■ Task details
From the first line to the last, write out the material exactly.

[Record excerpts]

Lemma rb_no_duplication p j ts m1 m2 : p \in correct ->
  delivers H p j ts m1 -> delivers H p j ts m2 -> m1 = m2.
Proof.
move=> pc [i1 [k1 [Hi1 [nk1 Hk1]]]] [i2 [k2 [Hi2 [nk2 Hk2]]]].
have [x1 [_ F1 _]] := deliver_first_bcast pc Hi1 nk1 Hk1.
have [x2 [_ F2 _]] := deliver_first_bcast pc Hi2 nk2 Hk2.
exact: first_bcast_unique F1 F2.
Qed.

Lemma rb_integrity p j ts m i k : p \in correct -> j \in correct ->
  H i = Some (Inv p (Deliver j ts)) -> next_of H p i k ->
  H k = Some (Res p (RVal (Some m))) ->
  exists b, b < k /\ H b = Some (Inv j (Broadcast ts m)).
Proof.
move=> pc jc Hi nk Hk.
have [x [Px [i0 [x0 [Hi0 [P0 [x0x _]]]]] cmp]] := deliver_first_bcast pc Hi nk Hk.
have [b bE Hb] := preimage_event Hi0 jc; subst i0.
exists b; split => //.
have Ck : correct_ev correct H k by exists (Res p (RVal (Some m))).
have Cb : correct_ev correct H b by exists (Inv j (Broadcast ts m)).
case: (ltngtP b k) => // [kb|bk]; last by move: Hb; rewrite bk Hk.
by have := linearized_before cmp Ck Cb kb Px P0; rewrite ltnNge ltnW.
Qed.

End ReliableBroadcast.

Theorem lemma6p2 (n f : nat) (V : Type) (correct : {set 'I_n}) (H : history n V)
  (Hf : #|~: correct| <= f)
  (Hbl : byz_linearizable correct H)
  (Hpull : forall p, p \in correct -> forall (j : 'I_n) (ts N : nat),
      exists i, N <= i /\ H i = Some (Inv p (Deliver j ts))) :
  (* Validity *)
  (forall (j : 'I_n) ts (m : V) i, j \in correct ->
      H i = Some (Inv j (Broadcast ts m)) ->
      (forall i' m', i' < i -> H i' = Some (Inv j (Broadcast ts m')) -> m' = m) ->
      forall p, p \in correct -> delivers H p j ts m) /\
  (* Agreement *)
  (forall (p j : 'I_n) ts (m : V), p \in correct -> delivers H p j ts m ->
      forall q, q \in correct -> delivers H q j ts m) /\
  (* Integrity (no two different messages) *)
  (forall (p j : 'I_n) ts (m1 m2 : V), p \in correct ->
      delivers H p j ts m1 -> delivers H p j ts m2 -> m1 = m2) /\
  (* Integrity (only broadcast messages are delivered, if the sender is correct) *)
  (forall (p j : 'I_n) ts (m : V) i k, p \in correct -> j \in correct ->
      H i = Some (Inv p (Deliver j ts)) -> next_of H p i k ->
      H k = Some (Res p (RVal (Some m))) ->
      exists b, b < k /\ H b = Some (Inv j (Broadcast ts m))).
Proof.
case: Hbl => H' [[[inv_res _] [pos [rsp [_ [complete_pos [pos_inj [real_time spec]]]]]]]
  [phi [phi_event [phi_increasing phi_onto]]]].
split; [|split; [|split]].
- exact: rb_validity phi_event phi_increasing phi_onto inv_res complete_pos
    real_time spec Hpull.
- exact: rb_agreement phi_event phi_increasing phi_onto inv_res complete_pos
    pos_inj real_time spec Hpull.
- exact: rb_no_duplication phi_event phi_increasing phi_onto inv_res complete_pos
    pos_inj spec.
- exact: rb_integrity phi_event phi_increasing phi_onto inv_res complete_pos
    real_time spec.
Qed.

[/Record excerpts]

■ Answer for this exercise
Lemma rb_no_duplication p j ts m1 m2 : p \in correct ->
  delivers H p j ts m1 -> delivers H p j ts m2 -> m1 = m2.
Proof.
move=> pc [i1 [k1 [Hi1 [nk1 Hk1]]]] [i2 [k2 [Hi2 [nk2 Hk2]]]].
have [x1 [_ F1 _]] := deliver_first_bcast pc Hi1 nk1 Hk1.
have [x2 [_ F2 _]] := deliver_first_bcast pc Hi2 nk2 Hk2.
exact: first_bcast_unique F1 F2.
Qed.

Lemma rb_integrity p j ts m i k : p \in correct -> j \in correct ->
  H i = Some (Inv p (Deliver j ts)) -> next_of H p i k ->
  H k = Some (Res p (RVal (Some m))) ->
  exists b, b < k /\ H b = Some (Inv j (Broadcast ts m)).
Proof.
move=> pc jc Hi nk Hk.
have [x [Px [i0 [x0 [Hi0 [P0 [x0x _]]]]] cmp]] := deliver_first_bcast pc Hi nk Hk.
have [b bE Hb] := preimage_event Hi0 jc; subst i0.
exists b; split => //.
have Ck : correct_ev correct H k by exists (Res p (RVal (Some m))).
have Cb : correct_ev correct H b by exists (Inv j (Broadcast ts m)).
case: (ltngtP b k) => // [kb|bk]; last by move: Hb; rewrite bk Hk.
by have := linearized_before cmp Ck Cb kb Px P0; rewrite ltnNge ltnW.
Qed.

End ReliableBroadcast.

Theorem lemma6p2 (n f : nat) (V : Type) (correct : {set 'I_n}) (H : history n V)
  (Hf : #|~: correct| <= f)
  (Hbl : byz_linearizable correct H)
  (Hpull : forall p, p \in correct -> forall (j : 'I_n) (ts N : nat),
      exists i, N <= i /\ H i = Some (Inv p (Deliver j ts))) :
  (* Validity *)
  (forall (j : 'I_n) ts (m : V) i, j \in correct ->
      H i = Some (Inv j (Broadcast ts m)) ->
      (forall i' m', i' < i -> H i' = Some (Inv j (Broadcast ts m')) -> m' = m) ->
      forall p, p \in correct -> delivers H p j ts m) /\
  (* Agreement *)
  (forall (p j : 'I_n) ts (m : V), p \in correct -> delivers H p j ts m ->
      forall q, q \in correct -> delivers H q j ts m) /\
  (* Integrity (no two different messages) *)
  (forall (p j : 'I_n) ts (m1 m2 : V), p \in correct ->
      delivers H p j ts m1 -> delivers H p j ts m2 -> m1 = m2) /\
  (* Integrity (only broadcast messages are delivered, if the sender is correct) *)
  (forall (p j : 'I_n) ts (m : V) i k, p \in correct -> j \in correct ->
      H i = Some (Inv p (Deliver j ts)) -> next_of H p i k ->
      H k = Some (Res p (RVal (Some m))) ->
      exists b, b < k /\ H b = Some (Inv j (Broadcast ts m))).
Proof.
case: Hbl => H' [[[inv_res _] [pos [rsp [_ [complete_pos [pos_inj [real_time spec]]]]]]]
  [phi [phi_event [phi_increasing phi_onto]]]].
split; [|split; [|split]].
- exact: rb_validity phi_event phi_increasing phi_onto inv_res complete_pos
    real_time spec Hpull.
- exact: rb_agreement phi_event phi_increasing phi_onto inv_res complete_pos
    pos_inj real_time spec Hpull.
- exact: rb_no_duplication phi_event phi_increasing phi_onto inv_res complete_pos
    pos_inj spec.
- exact: rb_integrity phi_event phi_increasing phi_onto inv_res complete_pos
    real_time spec.
Qed.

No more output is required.